Хоть и больно будет тебе, расскажу все по порядку. Батьку твоего фашисты как угнали, так ничего и не слышно о нем. Дашу твою тоже было погнали, но она сбежала. Ее поймали, обвязали гранатами и кинули в реку Буг. Такую вот смерть ей придумали звери фашисты.

Когда деревни нашей не стало, и от нее уже и дымом не пахло, я с матерью твоей и сыновьями твоими Колей и Мишей жила в окопах. Наложили сверху хвороста, соломы и жили. Мокро очень было. Коля простудился, воспалением легких болел. Слава богу, выжил тогда. Потоп его сыпняк валял, но тоже выжил. Среди бела дня прилетели немецкие самолеты и низко-низко летали над окопами и стреляли по нам. Когда они улетели, приходил комендант проверять, правильно ли стреляли, сколько жертв. Он ушел, и самолеты опять прилетели. Люди расползались в разные стороны, кто без руки, кто без ноги, у других внутренности волочились по земле.

Коля сейчас в Харькове. У него как-то назад руки вывернуло и лицо скосилось. Мама твоя не выдержала, с ней что-то случилось после бомбежки, и она стала заговариваться. Водили в больницу. Немецкие доктора посмотрели на нее и дали чего-то. Она после этого умерла.

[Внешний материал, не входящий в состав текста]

(* Consider a word $uav$ with $a \in A$ and $|ua| = i$. If the attribute $(x_i,y_i)$ at position $i$ satisfies $x_i + y_i > k+1$, then $uav \sim_k uv$.
   Context: $A$ is a finite alphabet and $k\in\mathbb{N}$. A word $a_1\cdots a_\ell$ is a (scattered) subword of $v$ if $v=v_0a_1v_1\cdots a_\ell v_\ell$; Simon's congruence $u\sim_k v$ holds iff $u$ and $v$ have the same subwords of length at most $k$. An $\mathsf{X}$-ranker is a nonempty word over $\{\mathsf{X}_a : a\in A\}$ and a $\mathsf{Y}$-ranker a nonempty word over $\{\mathsf{Y}_a : a\in A\}$; for a word $w$, $\mathsf{X}_a(w)$ is the smallest $a$-position of $w$, $r\mathsf{X}_a(w)$ is the smallest $a$-position greater than $r(w)$, $\mathsf{Y}_a(w)$ is the greatest $a$-position, and $r\mathsf{Y}_a(w)$ is the greatest $a$-position smaller than $r(w)$ (possibly undefined). The attribute of position $i$ of a word is $(x_i,y_i)$, where $x_i$ is the length of a shortest $\mathsf{X}$-ranker reaching $i$ and $y_i$ is the length of a shortest $\mathsf{Y}$-ranker reaching $i$. *)

(* Words over a finite alphabet A are sequences [seq A].
   Positions of a word w are 1-indexed: 1 <= j <= size w, with letter nth _ w j.-1. *)
From mathcomp Require Import all_boot.
Set Implicit Arguments. Unset Strict Implicit. Unset Printing Implicit Defensive.

Section Rankers.
Variable A : finType.
Implicit Types (w u v s : seq A) (a : A).

Definition subword s w : bool := subseq s w.
Definition simon (k : nat) u v : Prop :=
  forall s, size s <= k -> subword s u = subword s v.

(* smallest a-position of w strictly greater than p *)
Definition next_pos w a (p : nat) : option nat :=
  let t := drop p w in
  if a \in t then Some (p + index a t).+1 else None.

(* greatest a-position of w strictly smaller than p *)
Definition prev_pos w a (p : nat) : option nat :=
  let t := take p.-1 w in
  if a \in t then Some (size t - index a (rev t)) else None.

(* An X-ranker X_{a1}...X_{an} is represented by the nonempty word [:: a1; ...; an],
   evaluated left to right: X_a(w) = smallest a-position (i.e. > 0),
   r X_a (w) = smallest a-position > r(w). *)
Definition evalX w (r : seq A) : option nat :=
  foldl (fun o a => obind (next_pos w a) o) (Some 0) r.

(* Y-rankers: Y_a(w) = greatest a-position (i.e. < size w + 1),
   r Y_a (w) = greatest a-position < r(w). *)
Definition evalY w (r : seq A) : option nat :=
  foldl (fun o a => obind (prev_pos w a) o) (Some (size w).+1) r.

Definition reachesX w (r : seq A) (i : nat) : Prop := 0 < size r /\ evalX w r = Some i.
Definition reachesY w (r : seq A) (i : nat) : Prop := 0 < size r /\ evalY w r = Some i.

Definition shortestX w i n : Prop :=
  (exists r, reachesX w r i /\ size r = n) /\ (forall r, reachesX w r i -> n <= size r).
Definition shortestY w i n : Prop :=
  (exists r, reachesY w r i /\ size r = n) /\ (forall r, reachesY w r i -> n <= size r).

Definition attribute w i (x y : nat) : Prop := shortestX w i x /\ shortestY w i y.

End Rankers.

(* If uv misses a subword s of uav with |s| <= k, then s = s1 a s2 where s1
   embeds into u but s1 a does not, and s2 embeds into v but a s2 does not.
   Evaluating greedily, the X-ranker s1 a and the Y-ranker (rev s2) a both
   land on the distinguished letter a, so x_i + y_i <= |s1| + |s2| + 2
   = |s| + 1 <= k + 1. *)
From mathcomp Require Import all_boot.
From mathcomp Require Import zify.

Set Implicit Arguments.
Unset Strict Implicit.
Unset Printing Implicit Defensive.

Section Rankers.
Variable A : finType.
Implicit Types (w u v s r : seq A) (a c x : A).

Lemma subseq_insert_witness u a v s :
  subseq s (u ++ a :: v) -> ~~ subseq s (u ++ v) ->
  exists s1 s2, [/\ s = s1 ++ a :: s2, subseq s1 u, ~~ subseq (rcons s1 a) u,
                    subseq s2 v & ~~ subseq (a :: s2) v].
Proof.
elim: u s => [|x u IHu] [|c s] sub nsub; rewrite ?sub0seq // /= in sub nsub.
  case: (eqVneq c a) sub nsub => [-> sub_v nsub_v | _ sub_v /negP //].
  by exists [::], s.
case: (eqVneq c x) sub nsub => [-> | neq_cx] sub nsub.
  have [s1 [s2 [-> sub1 nsub1 sub2 nsub2]]] := IHu s sub nsub.
  by exists (x :: s1), s2; rewrite /= eqxx.
have [s1 [s2 [def_s sub1 nsub1 sub2 nsub2]]] := IHu (c :: s) sub nsub.
exists s1, s2; split=> //; first exact: subseq_trans sub1 (subseq_cons u x).
have [t def_s1a] : exists t, rcons s1 a = c :: t.
  case: s1 def_s {sub1 nsub1} => [|d s1] [<- _].
    by exists [::].
  by exists (rcons s1 a).
by rewrite def_s1a /= (negbTE neq_cx) -def_s1a.
Qed.

Lemma foldl_obind_None (f : A -> nat -> option nat) r :
  foldl (fun o c => obind (f c) o) None r = None.
Proof. by elim: r. Qed.

Lemma next_pos_drop w c p :
  next_pos w c p = omap (addn p) (next_pos (drop p w) c 0).
Proof. by rewrite /next_pos drop0; case: ifP => //= _; rewrite add0n addnS. Qed.

Lemma next_pos_le_size w c p q : next_pos w c p = Some q -> q <= size w.
Proof.
rewrite /next_pos; case: ifP => // c_in [<-].
by move: c_in; rewrite -index_mem size_drop -ltn_subRL.
Qed.

Lemma foldl_next_pos_drop w p r :
  foldl (fun o c => obind (next_pos w c) o) (Some p) r
  = omap (addn p) (evalX (drop p w) r).
Proof.
elim: r w p => [|c r IHr] w p /=; first by rewrite addn0.
rewrite /evalX /= next_pos_drop.
case: (next_pos (drop p w) c 0) => [q|] /=; last by rewrite !foldl_obind_None.
rewrite !IHr drop_drop addnC.
by case: (evalX _ r) => //= n; rewrite -addnA addnCA.
Qed.

Lemma evalX_cons_head x w r : evalX (x :: w) (x :: r) = omap S (evalX w r).
Proof.
rewrite /evalX /=.
have -> : next_pos (x :: w) x 0 = Some 1 by rewrite /next_pos /= inE eqxx.
by rewrite foldl_next_pos_drop /= drop0.
Qed.

Lemma evalX_cons_skip x w c r : c != x ->
  evalX (x :: w) (c :: r) = omap S (evalX w (c :: r)).
Proof.
move=> neq_cx; rewrite /evalX /=.
have -> : next_pos (x :: w) c 0 = omap S (next_pos w c 0).
  rewrite /next_pos !drop0 /= inE (negbTE neq_cx) /= eq_sym (negbTE neq_cx).
  by case: ifP.
case: (next_pos w c 0) => [q|] /=; last by rewrite !foldl_obind_None.
by rewrite !foldl_next_pos_drop /=; case: (evalX _ r).
Qed.

Lemma evalX_rcons_cat u c t r : subseq r u -> ~~ subseq (rcons r c) u ->
  evalX (u ++ c :: t) (rcons r c) = Some (size u).+1.
Proof.
elim: u r => [|x u IHu] r.
  by rewrite subseq0 => /eqP -> _; rewrite evalX_cons_head.
rewrite cat_cons; case: r => [|d r] sub_r nsub_r.
  move: nsub_r; rewrite sub1seq inE negb_or => /andP [neq_cx c_notin_u].
  by rewrite evalX_cons_skip // (IHu [::]) ?sub0seq ?sub1seq.
case: (eqVneq d x) sub_r nsub_r => [-> | neq_dx]; rewrite /= ?eqxx ?(negbTE neq_dx).
  by move=> sub_r nsub_r; rewrite evalX_cons_head IHu.
by move=> sub_r nsub_r; rewrite evalX_cons_skip // -rcons_cons IHu.
Qed.

Lemma prev_pos_rev w c p : p <= (size w).+1 ->
  prev_pos w c p
  = omap (fun q => (size w).+1 - q) (next_pos (rev w) c ((size w).+1 - p)).
Proof.
move=> le_p; rewrite /prev_pos /next_pos drop_rev.
have -> : size w - ((size w).+1 - p) = p.-1 by lia.
rewrite mem_rev; case: ifP => //= c_in; congr Some.
have size_take : size (take p.-1 w) = p.-1 by rewrite size_takel //; lia.
have : index c (rev (take p.-1 w)) < size (rev (take p.-1 w)).
  by rewrite index_mem mem_rev.
by rewrite size_rev size_take; lia.
Qed.

Lemma foldl_prev_pos_rev w p r : p <= (size w).+1 ->
  foldl (fun o c => obind (prev_pos w c) o) (Some p) r
  = omap (fun q => (size w).+1 - q)
      (foldl (fun o c => obind (next_pos (rev w) c) o) (Some ((size w).+1 - p)) r).
Proof.
elim: r p => [|c r IHr] p le_p /=; first by rewrite subKn.
rewrite prev_pos_rev //.
case def_q: (next_pos (rev w) c _) => [q|] /=; last by rewrite !foldl_obind_None.
have := next_pos_le_size def_q; rewrite size_rev => le_q.
by rewrite IHr ?subKn //; lia.
Qed.

Lemma evalY_rev w r :
  evalY w r = omap (fun q => (size w).+1 - q) (evalX (rev w) r).
Proof. by rewrite /evalY foldl_prev_pos_rev // subnn. Qed.

Lemma evalY_rcons_cat u a v s : subseq s v -> ~~ subseq (a :: s) v ->
  evalY (u ++ a :: v) (rcons (rev s) a) = Some (size u).+1.
Proof.
move=> sub_s nsub_s.
rewrite evalY_rev rev_cat rev_cons cat_rcons evalX_rcons_cat.
- by rewrite /= size_cat /= size_rev; congr Some; lia.
- by rewrite subseq_rev.
- by rewrite -rev_cons subseq_rev.
Qed.

End Rankers.

Theorem proposition3 (A : finType) (k : nat) (u v : seq A) (a : A) (i xi yi : nat) :
  size (rcons u a) = i ->
  attribute (u ++ a :: v) i xi yi ->
  k.+1 < xi + yi ->
  simon k (u ++ a :: v) (u ++ v).
Proof.
rewrite size_rcons => <- [[_ minX] [_ minY]] lt_k s le_sk; rewrite /subword.
apply/idP/idP => [sub_uav | sub_uv]; last first.
  by apply: subseq_trans sub_uv _; rewrite cat_subseq // subseq_cons.
apply: contraT => nsub_uv.
have [s1 [s2 [def_s sub1 nsub1 sub2 nsub2]]] :=
  subseq_insert_witness sub_uav nsub_uv.
have reachX : reachesX (u ++ a :: v) (rcons s1 a) (size u).+1.
  by split; [rewrite size_rcons | exact: evalX_rcons_cat].
have reachY : reachesY (u ++ a :: v) (rcons (rev s2) a) (size u).+1.
  by split; [rewrite size_rcons | exact: evalY_rcons_cat].
have := minX _ reachX; have := minY _ reachY.
rewrite !size_rcons size_rev; move: le_sk; rewrite def_s size_cat /=.
lia.
Qed.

В деревне нам нельзя было ходить. Когда на дорогах появлялся кто-нибудь гражданский, мы все выползали навстречу и говорили одно слово: «Спаси...» Ну после этого кто-нибудь и принесет несколько картошин или еще что. По одной картошинке съедим, бывало, по другой оставим.

Гришутка, родименький! Жить мне осталось, может, мало, так я опишу тебе, где родные твои похоронены. Может, будешь в этих местах, так зайди, поклонись. Дашина могилка на краю гая Пронского, рядом с криницей. Самой-то Даши там нет, ее всю на куски разорвало и унесло водой. Маму похоронили в лесу около Королевки, на кладбище фашисты хоронить не разрешили. На могилке мы камень положили и дерном ее обнесли.

Сестра Дашина — Нюра была партизанской. Пришла к коменданту. Там было много офицеров-карателей. Она что-то сделала, и все взлетело на воздух. Сама тоже погибла. [176]

Вот ей и построили в Соколовке памятник около школы, где она была учительницей.

Гриша, солнышко мое! Уж и слов не хватает про все сказать тебе. Ты пойми, внучек мой милый, сколько фашисты горя нам оставили, сколько погостов и крестов! Наказываем тебе моим и Мишиным словом беречь нашу фамилию, не позорить ее ни в чем. Поскорее бейте врага, до последнего изверга!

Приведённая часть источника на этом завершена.